Segment Start: RAW DATA

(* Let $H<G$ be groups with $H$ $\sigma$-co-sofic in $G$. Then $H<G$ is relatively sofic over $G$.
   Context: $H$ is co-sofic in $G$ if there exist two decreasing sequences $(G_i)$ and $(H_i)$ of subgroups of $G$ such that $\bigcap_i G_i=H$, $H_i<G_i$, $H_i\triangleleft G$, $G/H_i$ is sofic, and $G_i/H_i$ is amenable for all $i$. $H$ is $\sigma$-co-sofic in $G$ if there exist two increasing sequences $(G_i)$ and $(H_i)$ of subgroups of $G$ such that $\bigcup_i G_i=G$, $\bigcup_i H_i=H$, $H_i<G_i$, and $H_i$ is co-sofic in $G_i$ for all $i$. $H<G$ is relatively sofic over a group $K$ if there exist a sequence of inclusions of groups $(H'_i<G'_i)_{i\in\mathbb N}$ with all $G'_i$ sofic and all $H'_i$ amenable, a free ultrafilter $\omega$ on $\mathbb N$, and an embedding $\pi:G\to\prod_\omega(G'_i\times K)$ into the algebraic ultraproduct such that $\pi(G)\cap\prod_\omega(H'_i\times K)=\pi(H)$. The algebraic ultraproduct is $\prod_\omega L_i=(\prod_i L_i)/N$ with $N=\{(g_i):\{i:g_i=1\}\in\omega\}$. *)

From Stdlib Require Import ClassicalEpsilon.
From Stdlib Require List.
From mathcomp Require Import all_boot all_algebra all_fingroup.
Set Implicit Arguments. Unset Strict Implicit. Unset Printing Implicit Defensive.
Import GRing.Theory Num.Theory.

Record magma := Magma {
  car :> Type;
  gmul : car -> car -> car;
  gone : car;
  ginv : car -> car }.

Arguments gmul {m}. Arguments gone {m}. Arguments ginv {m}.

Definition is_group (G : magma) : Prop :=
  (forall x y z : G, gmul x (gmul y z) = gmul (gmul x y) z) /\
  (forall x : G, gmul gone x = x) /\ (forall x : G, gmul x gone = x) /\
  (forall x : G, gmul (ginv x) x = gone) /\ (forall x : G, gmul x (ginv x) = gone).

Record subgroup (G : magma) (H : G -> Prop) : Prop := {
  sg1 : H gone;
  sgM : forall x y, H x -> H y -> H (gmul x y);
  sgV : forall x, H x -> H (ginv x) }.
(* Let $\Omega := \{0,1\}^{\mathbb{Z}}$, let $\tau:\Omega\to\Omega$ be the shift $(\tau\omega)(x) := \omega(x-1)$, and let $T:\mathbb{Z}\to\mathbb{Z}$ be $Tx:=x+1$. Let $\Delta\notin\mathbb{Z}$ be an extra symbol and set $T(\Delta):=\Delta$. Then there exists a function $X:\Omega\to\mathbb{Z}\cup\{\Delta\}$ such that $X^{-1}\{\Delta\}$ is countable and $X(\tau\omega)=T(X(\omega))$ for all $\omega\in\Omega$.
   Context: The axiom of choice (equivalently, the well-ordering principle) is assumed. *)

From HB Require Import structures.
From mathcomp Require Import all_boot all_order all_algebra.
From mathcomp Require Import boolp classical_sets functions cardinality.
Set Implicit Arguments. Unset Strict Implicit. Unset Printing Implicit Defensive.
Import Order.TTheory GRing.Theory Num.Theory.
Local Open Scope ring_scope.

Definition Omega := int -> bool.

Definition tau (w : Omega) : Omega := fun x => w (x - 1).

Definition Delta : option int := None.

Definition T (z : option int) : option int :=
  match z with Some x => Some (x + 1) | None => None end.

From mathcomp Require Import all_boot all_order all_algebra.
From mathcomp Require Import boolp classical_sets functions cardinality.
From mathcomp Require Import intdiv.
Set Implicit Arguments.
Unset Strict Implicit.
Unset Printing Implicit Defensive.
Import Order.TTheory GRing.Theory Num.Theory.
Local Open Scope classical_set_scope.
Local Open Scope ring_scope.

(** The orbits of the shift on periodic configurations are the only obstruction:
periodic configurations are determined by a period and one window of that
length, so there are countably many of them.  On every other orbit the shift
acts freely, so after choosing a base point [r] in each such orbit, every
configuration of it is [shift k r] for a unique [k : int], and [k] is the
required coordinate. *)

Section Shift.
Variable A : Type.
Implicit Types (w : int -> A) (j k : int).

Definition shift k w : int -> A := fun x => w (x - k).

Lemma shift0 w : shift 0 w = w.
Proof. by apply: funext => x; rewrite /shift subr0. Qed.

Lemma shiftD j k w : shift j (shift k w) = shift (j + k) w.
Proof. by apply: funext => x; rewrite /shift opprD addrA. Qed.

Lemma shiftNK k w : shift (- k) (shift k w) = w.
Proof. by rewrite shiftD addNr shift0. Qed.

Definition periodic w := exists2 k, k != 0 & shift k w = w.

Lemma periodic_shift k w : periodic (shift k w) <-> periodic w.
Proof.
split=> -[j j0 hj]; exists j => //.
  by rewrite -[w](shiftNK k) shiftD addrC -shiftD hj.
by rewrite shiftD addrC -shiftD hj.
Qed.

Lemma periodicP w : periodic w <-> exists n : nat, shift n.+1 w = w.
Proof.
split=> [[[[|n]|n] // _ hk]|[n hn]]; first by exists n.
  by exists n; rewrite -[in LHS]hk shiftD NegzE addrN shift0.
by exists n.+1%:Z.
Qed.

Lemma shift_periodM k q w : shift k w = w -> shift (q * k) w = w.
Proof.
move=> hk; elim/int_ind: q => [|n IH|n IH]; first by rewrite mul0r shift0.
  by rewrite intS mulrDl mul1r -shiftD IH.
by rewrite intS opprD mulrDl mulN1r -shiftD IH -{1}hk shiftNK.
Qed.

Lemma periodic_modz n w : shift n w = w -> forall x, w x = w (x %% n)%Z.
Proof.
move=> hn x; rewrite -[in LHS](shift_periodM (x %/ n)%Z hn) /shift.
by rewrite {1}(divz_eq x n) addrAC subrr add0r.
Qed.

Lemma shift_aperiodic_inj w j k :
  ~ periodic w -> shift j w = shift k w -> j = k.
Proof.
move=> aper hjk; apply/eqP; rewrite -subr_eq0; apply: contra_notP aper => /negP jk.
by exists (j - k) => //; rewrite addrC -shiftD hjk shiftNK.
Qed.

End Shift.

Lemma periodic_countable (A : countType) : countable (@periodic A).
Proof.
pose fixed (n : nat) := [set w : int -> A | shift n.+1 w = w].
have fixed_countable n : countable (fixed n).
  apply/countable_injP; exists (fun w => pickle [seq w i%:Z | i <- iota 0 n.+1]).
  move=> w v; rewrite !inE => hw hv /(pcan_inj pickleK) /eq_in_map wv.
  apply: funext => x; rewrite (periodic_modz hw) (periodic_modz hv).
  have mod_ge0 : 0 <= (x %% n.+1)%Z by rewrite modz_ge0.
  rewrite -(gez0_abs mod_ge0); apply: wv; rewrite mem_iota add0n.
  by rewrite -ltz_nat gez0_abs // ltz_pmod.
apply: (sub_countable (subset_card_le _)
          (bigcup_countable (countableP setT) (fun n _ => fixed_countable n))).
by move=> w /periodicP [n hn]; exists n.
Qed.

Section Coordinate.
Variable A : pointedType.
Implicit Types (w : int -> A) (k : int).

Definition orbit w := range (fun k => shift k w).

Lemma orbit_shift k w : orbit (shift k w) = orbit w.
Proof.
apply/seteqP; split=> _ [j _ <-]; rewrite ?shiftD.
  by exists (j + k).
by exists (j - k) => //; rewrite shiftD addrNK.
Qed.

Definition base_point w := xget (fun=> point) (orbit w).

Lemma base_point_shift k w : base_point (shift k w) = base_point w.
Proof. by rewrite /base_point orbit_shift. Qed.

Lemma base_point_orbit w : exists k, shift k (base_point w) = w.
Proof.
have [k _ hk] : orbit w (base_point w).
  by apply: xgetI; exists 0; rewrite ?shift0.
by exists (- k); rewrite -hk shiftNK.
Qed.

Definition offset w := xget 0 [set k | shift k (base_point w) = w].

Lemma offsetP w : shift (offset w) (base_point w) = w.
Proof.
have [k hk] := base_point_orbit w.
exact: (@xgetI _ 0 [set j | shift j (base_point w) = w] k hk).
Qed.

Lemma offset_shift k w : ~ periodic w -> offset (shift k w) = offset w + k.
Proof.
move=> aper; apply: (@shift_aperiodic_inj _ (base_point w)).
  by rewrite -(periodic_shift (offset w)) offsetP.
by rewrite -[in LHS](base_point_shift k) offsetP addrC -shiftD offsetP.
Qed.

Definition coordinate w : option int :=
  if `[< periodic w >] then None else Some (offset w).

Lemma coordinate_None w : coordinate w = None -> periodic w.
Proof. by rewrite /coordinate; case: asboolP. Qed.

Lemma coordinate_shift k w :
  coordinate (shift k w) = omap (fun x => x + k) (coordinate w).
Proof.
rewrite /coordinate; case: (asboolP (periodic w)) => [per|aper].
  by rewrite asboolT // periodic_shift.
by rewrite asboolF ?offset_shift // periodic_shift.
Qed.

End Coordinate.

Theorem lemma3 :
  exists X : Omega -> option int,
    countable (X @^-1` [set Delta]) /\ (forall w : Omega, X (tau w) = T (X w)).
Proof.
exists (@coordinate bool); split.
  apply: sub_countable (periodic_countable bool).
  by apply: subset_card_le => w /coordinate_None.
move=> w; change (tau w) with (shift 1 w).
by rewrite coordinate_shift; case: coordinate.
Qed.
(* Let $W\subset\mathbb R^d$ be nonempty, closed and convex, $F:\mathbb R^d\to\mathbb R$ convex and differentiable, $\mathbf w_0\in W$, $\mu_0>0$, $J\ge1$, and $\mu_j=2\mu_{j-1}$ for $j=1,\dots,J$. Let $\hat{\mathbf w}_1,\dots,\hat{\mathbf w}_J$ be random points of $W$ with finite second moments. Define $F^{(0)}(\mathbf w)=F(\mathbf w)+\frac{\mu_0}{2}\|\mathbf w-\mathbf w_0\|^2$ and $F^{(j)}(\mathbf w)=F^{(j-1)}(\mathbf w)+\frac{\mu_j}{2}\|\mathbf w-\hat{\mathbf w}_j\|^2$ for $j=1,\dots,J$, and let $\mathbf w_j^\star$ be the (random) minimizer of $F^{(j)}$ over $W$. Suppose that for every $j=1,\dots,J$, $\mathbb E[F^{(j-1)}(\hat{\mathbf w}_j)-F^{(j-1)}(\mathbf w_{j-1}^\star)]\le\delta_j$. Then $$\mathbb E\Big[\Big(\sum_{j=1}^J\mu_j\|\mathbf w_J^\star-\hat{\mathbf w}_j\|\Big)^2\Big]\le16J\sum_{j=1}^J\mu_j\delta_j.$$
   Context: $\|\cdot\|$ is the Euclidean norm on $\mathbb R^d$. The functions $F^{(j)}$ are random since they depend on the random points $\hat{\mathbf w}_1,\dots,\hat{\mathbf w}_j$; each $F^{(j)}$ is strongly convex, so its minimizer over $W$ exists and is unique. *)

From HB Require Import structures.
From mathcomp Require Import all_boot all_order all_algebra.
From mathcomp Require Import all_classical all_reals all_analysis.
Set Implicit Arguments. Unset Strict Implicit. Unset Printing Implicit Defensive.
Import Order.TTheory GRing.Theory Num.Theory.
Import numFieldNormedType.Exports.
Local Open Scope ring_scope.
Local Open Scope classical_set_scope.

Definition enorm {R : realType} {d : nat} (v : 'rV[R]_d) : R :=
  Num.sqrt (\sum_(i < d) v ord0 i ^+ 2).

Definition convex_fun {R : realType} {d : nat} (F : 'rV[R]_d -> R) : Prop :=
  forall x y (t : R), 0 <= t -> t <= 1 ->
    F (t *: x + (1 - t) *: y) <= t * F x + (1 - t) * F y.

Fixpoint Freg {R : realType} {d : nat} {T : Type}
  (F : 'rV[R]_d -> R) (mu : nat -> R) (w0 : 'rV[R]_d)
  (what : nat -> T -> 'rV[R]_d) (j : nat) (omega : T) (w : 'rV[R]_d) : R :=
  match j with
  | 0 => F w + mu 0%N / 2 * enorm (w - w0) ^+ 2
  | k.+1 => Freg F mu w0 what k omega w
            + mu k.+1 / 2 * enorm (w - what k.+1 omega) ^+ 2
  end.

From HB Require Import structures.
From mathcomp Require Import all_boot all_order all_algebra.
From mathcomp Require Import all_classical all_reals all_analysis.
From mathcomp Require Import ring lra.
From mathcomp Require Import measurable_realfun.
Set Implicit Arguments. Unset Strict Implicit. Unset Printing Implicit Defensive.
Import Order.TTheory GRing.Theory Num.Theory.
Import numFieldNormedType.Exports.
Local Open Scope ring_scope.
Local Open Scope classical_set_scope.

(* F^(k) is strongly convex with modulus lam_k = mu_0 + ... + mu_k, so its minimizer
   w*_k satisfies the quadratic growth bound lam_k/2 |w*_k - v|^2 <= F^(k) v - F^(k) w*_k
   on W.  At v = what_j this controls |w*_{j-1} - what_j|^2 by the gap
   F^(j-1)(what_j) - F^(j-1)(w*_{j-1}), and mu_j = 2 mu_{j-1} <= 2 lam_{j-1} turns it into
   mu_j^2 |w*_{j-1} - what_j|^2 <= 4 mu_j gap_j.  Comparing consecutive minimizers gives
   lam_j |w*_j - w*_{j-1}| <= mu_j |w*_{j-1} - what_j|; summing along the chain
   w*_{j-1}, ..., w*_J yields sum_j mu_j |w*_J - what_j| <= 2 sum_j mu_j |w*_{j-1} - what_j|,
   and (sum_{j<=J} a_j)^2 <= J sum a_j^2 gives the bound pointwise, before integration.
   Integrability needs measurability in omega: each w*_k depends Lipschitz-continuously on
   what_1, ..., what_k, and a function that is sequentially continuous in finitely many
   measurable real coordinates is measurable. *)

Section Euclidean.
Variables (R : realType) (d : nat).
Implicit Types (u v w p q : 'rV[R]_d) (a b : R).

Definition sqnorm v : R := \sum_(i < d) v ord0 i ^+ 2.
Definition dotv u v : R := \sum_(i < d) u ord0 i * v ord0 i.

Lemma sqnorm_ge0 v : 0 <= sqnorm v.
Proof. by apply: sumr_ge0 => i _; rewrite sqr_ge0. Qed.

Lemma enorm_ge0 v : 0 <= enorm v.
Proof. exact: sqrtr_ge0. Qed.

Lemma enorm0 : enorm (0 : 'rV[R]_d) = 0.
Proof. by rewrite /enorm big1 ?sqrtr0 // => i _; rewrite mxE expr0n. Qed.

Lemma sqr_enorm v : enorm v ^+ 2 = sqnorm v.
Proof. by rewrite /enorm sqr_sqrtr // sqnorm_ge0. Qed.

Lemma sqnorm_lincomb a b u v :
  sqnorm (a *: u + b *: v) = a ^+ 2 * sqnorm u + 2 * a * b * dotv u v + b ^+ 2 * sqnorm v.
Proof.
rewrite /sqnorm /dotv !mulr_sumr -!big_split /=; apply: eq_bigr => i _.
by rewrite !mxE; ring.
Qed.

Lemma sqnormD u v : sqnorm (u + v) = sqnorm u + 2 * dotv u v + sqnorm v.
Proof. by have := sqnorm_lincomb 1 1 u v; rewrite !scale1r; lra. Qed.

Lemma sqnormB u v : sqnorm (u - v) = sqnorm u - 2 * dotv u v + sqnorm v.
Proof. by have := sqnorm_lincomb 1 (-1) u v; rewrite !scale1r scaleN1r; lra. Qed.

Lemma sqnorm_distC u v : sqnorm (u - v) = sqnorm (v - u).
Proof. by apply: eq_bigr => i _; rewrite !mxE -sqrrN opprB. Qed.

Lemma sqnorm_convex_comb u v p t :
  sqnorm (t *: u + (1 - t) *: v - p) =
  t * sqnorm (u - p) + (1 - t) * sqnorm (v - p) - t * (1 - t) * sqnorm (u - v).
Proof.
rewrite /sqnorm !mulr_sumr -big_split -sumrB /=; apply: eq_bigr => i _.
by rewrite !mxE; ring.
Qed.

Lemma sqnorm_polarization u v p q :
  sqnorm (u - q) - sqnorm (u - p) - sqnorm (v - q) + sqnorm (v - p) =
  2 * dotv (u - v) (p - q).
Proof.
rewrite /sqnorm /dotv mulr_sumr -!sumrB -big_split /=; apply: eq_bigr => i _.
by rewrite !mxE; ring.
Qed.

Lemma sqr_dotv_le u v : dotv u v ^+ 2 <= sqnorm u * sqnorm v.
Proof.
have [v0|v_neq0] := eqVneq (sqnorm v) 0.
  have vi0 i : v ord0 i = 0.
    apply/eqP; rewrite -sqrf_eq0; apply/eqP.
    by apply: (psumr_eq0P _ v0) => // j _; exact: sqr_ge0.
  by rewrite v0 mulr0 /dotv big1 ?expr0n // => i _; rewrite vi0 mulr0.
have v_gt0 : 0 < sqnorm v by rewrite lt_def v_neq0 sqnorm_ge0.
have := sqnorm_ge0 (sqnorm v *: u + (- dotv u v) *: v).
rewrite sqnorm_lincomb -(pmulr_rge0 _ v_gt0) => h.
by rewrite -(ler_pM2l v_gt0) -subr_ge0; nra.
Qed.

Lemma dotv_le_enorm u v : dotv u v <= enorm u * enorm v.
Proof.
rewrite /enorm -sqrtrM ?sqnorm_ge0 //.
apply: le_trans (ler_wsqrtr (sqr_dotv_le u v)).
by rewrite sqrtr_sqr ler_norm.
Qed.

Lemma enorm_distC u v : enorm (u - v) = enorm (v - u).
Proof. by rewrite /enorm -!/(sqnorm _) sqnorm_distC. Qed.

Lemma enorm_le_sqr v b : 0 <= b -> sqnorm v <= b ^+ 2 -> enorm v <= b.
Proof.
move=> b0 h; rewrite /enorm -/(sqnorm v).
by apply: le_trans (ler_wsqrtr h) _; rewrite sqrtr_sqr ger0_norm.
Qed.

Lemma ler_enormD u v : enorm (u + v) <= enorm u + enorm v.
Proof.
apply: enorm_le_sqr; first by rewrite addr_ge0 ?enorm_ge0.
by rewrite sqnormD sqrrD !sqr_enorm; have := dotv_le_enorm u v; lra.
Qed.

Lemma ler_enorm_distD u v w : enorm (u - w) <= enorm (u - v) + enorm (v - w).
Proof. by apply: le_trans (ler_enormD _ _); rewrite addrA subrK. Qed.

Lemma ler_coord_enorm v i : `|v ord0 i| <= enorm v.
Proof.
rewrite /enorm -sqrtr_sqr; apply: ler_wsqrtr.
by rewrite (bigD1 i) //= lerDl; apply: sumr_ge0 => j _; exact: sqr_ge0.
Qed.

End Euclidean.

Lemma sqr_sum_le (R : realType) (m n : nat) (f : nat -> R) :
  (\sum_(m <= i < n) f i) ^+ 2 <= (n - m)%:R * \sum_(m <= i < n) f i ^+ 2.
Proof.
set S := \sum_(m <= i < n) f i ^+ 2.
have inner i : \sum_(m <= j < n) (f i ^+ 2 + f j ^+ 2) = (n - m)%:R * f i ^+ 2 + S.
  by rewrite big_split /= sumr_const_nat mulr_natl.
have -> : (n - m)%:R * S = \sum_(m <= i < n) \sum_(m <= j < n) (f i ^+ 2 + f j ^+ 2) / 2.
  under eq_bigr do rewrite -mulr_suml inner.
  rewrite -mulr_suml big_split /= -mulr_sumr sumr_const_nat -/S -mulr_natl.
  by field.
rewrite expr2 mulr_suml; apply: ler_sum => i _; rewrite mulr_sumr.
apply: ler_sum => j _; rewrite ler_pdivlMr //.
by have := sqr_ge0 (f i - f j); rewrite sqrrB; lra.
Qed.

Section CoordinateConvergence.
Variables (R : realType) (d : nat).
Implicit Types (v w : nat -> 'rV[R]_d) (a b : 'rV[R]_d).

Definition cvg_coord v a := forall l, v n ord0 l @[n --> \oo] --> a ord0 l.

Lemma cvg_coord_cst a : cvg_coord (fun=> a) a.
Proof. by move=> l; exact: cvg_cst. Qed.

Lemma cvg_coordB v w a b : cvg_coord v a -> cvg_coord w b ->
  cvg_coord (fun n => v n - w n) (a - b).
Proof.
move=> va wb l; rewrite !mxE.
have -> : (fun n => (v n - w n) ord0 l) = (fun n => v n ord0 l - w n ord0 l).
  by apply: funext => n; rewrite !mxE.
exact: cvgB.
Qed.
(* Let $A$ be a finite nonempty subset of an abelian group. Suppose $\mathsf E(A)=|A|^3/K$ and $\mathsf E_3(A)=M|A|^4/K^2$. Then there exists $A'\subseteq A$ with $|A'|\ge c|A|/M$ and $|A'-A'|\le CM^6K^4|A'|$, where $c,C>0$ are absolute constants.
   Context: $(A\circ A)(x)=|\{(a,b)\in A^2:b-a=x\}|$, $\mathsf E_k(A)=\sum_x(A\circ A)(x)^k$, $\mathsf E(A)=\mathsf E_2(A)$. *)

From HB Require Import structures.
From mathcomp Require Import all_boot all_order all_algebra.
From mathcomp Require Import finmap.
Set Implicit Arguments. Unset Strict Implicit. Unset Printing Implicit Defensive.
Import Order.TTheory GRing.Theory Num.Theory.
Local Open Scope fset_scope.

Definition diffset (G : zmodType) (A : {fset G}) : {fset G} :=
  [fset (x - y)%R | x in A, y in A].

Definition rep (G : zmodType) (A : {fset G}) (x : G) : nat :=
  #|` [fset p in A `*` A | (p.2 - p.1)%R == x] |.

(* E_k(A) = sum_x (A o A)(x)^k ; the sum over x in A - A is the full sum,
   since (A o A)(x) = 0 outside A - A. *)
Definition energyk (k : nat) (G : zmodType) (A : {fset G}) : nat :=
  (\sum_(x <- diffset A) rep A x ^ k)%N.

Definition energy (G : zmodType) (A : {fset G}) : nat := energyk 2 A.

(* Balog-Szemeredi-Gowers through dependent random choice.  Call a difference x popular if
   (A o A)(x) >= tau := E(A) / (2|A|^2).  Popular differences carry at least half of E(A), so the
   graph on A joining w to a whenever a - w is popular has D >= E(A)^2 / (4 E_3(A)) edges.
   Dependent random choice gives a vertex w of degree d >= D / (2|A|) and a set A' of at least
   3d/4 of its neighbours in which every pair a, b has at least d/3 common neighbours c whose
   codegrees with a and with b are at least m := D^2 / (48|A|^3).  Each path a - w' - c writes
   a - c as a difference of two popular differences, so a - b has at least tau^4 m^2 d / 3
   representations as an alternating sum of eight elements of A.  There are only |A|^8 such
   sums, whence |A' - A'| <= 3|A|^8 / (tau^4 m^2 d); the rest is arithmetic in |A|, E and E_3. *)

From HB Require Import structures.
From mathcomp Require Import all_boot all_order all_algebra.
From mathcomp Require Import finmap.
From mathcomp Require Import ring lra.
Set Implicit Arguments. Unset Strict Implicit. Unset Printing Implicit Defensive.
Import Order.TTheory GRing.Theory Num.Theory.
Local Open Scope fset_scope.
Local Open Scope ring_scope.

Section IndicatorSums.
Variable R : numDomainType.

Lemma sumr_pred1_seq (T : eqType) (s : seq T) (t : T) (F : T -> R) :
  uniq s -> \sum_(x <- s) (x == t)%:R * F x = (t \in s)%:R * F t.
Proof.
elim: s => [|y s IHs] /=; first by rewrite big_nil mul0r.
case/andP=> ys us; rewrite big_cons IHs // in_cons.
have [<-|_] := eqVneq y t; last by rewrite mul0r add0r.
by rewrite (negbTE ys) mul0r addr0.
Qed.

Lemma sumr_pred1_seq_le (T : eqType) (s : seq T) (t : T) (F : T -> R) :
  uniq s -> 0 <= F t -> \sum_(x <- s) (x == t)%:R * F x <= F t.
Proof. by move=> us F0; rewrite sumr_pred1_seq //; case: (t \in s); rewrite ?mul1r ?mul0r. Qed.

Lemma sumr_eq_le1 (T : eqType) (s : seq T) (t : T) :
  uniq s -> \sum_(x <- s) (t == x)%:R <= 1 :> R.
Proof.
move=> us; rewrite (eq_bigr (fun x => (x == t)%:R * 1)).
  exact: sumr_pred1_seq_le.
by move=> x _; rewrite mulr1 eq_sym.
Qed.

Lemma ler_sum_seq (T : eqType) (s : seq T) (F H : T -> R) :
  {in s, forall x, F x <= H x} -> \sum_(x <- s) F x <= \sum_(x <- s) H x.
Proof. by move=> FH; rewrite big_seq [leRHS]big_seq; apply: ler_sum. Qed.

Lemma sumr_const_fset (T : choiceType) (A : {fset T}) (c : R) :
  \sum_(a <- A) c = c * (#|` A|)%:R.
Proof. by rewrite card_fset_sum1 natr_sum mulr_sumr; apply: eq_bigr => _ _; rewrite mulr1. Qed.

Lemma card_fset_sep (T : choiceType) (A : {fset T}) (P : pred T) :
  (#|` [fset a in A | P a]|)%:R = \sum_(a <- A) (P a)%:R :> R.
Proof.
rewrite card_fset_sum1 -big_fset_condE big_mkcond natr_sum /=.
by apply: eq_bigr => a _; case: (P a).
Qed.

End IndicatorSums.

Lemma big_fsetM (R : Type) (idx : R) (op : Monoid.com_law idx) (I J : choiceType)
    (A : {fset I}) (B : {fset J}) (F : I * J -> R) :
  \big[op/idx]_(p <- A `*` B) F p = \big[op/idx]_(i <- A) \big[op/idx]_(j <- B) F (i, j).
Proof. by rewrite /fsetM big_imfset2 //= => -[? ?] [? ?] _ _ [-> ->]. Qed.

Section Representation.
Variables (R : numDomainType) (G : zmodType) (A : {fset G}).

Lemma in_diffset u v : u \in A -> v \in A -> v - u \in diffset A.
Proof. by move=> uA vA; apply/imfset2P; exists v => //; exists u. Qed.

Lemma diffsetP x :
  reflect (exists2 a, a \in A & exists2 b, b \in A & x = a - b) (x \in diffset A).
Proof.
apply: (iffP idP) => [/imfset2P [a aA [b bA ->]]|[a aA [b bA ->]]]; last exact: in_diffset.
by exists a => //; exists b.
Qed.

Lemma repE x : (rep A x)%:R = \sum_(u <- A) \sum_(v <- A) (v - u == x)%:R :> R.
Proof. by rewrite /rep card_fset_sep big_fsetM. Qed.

Segment End: RAW DATA

# [EXERCISE DIRECTIONS]
Lines from the entries that contain the word "asboolP" are what the answer must hold.

# [FINISHED EXERCISE]
Proof. by rewrite /coordinate; case: asboolP. Qed.
rewrite /coordinate; case: (asboolP (periodic w)) => [per|aper].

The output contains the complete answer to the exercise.